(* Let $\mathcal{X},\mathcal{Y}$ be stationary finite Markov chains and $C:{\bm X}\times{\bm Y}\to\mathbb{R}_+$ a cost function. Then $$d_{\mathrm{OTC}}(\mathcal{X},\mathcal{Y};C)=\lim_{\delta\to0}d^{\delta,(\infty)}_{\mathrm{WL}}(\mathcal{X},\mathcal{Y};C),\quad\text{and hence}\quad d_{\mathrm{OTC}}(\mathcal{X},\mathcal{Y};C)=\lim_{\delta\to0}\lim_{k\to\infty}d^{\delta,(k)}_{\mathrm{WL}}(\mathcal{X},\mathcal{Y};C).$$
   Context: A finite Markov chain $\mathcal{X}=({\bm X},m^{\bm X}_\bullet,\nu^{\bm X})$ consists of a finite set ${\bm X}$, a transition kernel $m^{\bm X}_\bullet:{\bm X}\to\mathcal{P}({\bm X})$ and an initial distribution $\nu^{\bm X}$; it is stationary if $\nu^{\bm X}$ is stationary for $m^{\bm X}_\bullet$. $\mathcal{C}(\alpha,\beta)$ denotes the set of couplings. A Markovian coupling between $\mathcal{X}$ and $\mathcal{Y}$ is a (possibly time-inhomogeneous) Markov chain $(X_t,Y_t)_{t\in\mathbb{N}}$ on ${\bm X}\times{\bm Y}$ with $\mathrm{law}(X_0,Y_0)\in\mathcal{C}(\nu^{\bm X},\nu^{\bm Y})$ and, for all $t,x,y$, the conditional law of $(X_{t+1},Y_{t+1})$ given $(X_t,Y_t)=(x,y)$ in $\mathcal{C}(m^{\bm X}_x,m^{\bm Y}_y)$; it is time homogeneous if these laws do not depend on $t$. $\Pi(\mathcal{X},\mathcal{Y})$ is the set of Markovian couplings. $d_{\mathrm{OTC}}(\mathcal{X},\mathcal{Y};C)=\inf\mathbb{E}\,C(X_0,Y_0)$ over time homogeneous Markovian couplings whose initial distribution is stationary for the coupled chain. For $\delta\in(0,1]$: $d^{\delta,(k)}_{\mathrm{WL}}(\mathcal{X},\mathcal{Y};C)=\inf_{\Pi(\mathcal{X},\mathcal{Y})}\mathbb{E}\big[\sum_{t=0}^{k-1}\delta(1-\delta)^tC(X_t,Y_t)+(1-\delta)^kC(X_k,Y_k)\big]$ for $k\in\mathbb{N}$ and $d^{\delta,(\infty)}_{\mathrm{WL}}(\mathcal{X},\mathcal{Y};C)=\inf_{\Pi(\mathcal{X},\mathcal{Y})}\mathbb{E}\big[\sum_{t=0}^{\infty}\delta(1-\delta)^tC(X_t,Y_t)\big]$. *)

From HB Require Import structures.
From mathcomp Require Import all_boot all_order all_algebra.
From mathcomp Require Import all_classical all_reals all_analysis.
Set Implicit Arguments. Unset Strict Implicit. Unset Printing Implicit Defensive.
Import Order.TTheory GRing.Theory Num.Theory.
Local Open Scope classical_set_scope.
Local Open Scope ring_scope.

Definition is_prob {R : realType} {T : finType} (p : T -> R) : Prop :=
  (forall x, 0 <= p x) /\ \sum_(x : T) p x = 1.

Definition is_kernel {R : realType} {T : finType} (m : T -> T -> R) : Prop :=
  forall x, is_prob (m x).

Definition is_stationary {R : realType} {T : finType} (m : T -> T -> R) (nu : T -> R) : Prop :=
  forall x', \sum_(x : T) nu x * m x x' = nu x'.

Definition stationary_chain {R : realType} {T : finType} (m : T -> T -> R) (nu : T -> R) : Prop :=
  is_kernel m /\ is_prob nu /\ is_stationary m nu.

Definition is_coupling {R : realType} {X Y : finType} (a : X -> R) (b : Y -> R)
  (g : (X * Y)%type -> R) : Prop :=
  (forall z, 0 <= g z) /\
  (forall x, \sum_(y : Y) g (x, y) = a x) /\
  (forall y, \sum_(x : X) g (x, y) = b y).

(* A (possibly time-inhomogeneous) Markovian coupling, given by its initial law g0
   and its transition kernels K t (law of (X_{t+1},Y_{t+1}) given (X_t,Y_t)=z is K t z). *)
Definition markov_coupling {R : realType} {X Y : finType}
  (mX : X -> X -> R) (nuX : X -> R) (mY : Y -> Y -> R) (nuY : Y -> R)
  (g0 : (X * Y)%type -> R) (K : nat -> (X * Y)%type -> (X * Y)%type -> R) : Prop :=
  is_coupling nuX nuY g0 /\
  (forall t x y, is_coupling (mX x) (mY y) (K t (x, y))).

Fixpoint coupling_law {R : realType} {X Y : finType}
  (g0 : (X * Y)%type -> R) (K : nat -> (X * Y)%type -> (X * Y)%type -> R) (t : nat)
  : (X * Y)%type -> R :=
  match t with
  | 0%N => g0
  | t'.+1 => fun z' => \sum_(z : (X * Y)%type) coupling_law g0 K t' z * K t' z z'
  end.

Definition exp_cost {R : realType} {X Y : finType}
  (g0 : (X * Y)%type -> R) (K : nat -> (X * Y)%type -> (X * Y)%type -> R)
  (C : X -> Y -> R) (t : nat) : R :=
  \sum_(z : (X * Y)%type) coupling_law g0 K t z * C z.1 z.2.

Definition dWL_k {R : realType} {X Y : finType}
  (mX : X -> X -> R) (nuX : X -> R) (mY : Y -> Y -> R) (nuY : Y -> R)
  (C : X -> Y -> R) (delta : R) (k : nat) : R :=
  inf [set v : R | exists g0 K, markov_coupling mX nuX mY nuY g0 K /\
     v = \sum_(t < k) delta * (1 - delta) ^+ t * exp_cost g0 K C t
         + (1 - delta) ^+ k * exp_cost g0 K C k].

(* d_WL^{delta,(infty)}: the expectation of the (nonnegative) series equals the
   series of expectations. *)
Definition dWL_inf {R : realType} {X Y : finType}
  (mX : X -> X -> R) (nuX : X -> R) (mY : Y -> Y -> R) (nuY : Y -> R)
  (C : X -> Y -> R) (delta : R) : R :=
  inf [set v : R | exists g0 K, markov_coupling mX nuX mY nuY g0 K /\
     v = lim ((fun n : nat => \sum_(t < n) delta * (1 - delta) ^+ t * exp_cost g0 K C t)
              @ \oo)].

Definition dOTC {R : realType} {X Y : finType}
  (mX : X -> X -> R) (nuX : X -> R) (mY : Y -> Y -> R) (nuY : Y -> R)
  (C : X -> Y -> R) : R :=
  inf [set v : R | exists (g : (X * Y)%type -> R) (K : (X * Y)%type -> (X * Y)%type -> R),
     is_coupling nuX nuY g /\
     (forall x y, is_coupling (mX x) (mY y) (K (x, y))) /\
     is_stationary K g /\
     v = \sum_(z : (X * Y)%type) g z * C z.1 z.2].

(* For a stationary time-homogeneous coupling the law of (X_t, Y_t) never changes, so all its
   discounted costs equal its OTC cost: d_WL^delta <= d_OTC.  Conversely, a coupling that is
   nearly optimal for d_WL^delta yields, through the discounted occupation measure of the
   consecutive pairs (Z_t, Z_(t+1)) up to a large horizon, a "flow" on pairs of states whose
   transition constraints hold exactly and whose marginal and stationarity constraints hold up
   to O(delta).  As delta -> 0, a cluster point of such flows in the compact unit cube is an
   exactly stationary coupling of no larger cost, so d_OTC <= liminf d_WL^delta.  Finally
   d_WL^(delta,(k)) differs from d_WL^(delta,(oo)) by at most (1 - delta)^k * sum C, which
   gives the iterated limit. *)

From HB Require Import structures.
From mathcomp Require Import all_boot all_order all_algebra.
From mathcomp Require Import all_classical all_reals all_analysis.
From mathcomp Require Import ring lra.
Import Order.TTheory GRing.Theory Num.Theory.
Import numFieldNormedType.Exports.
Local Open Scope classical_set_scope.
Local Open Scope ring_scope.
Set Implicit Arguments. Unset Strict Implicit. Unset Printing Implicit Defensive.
::::::::::
Work to be completed: Would you print, exactly as written, every line above from the one holding "inf [set v : R | exists (g" through the one holding "is_stationary K g /\", with both included and no other lines?

Exercise solution:
  inf [set v : R | exists (g : (X * Y)%type -> R) (K : (X * Y)%type -> (X * Y)%type -> R),
     is_coupling nuX nuY g /\
     (forall x y, is_coupling (mX x) (mY y) (K (x, y))) /\
     is_stationary K g /\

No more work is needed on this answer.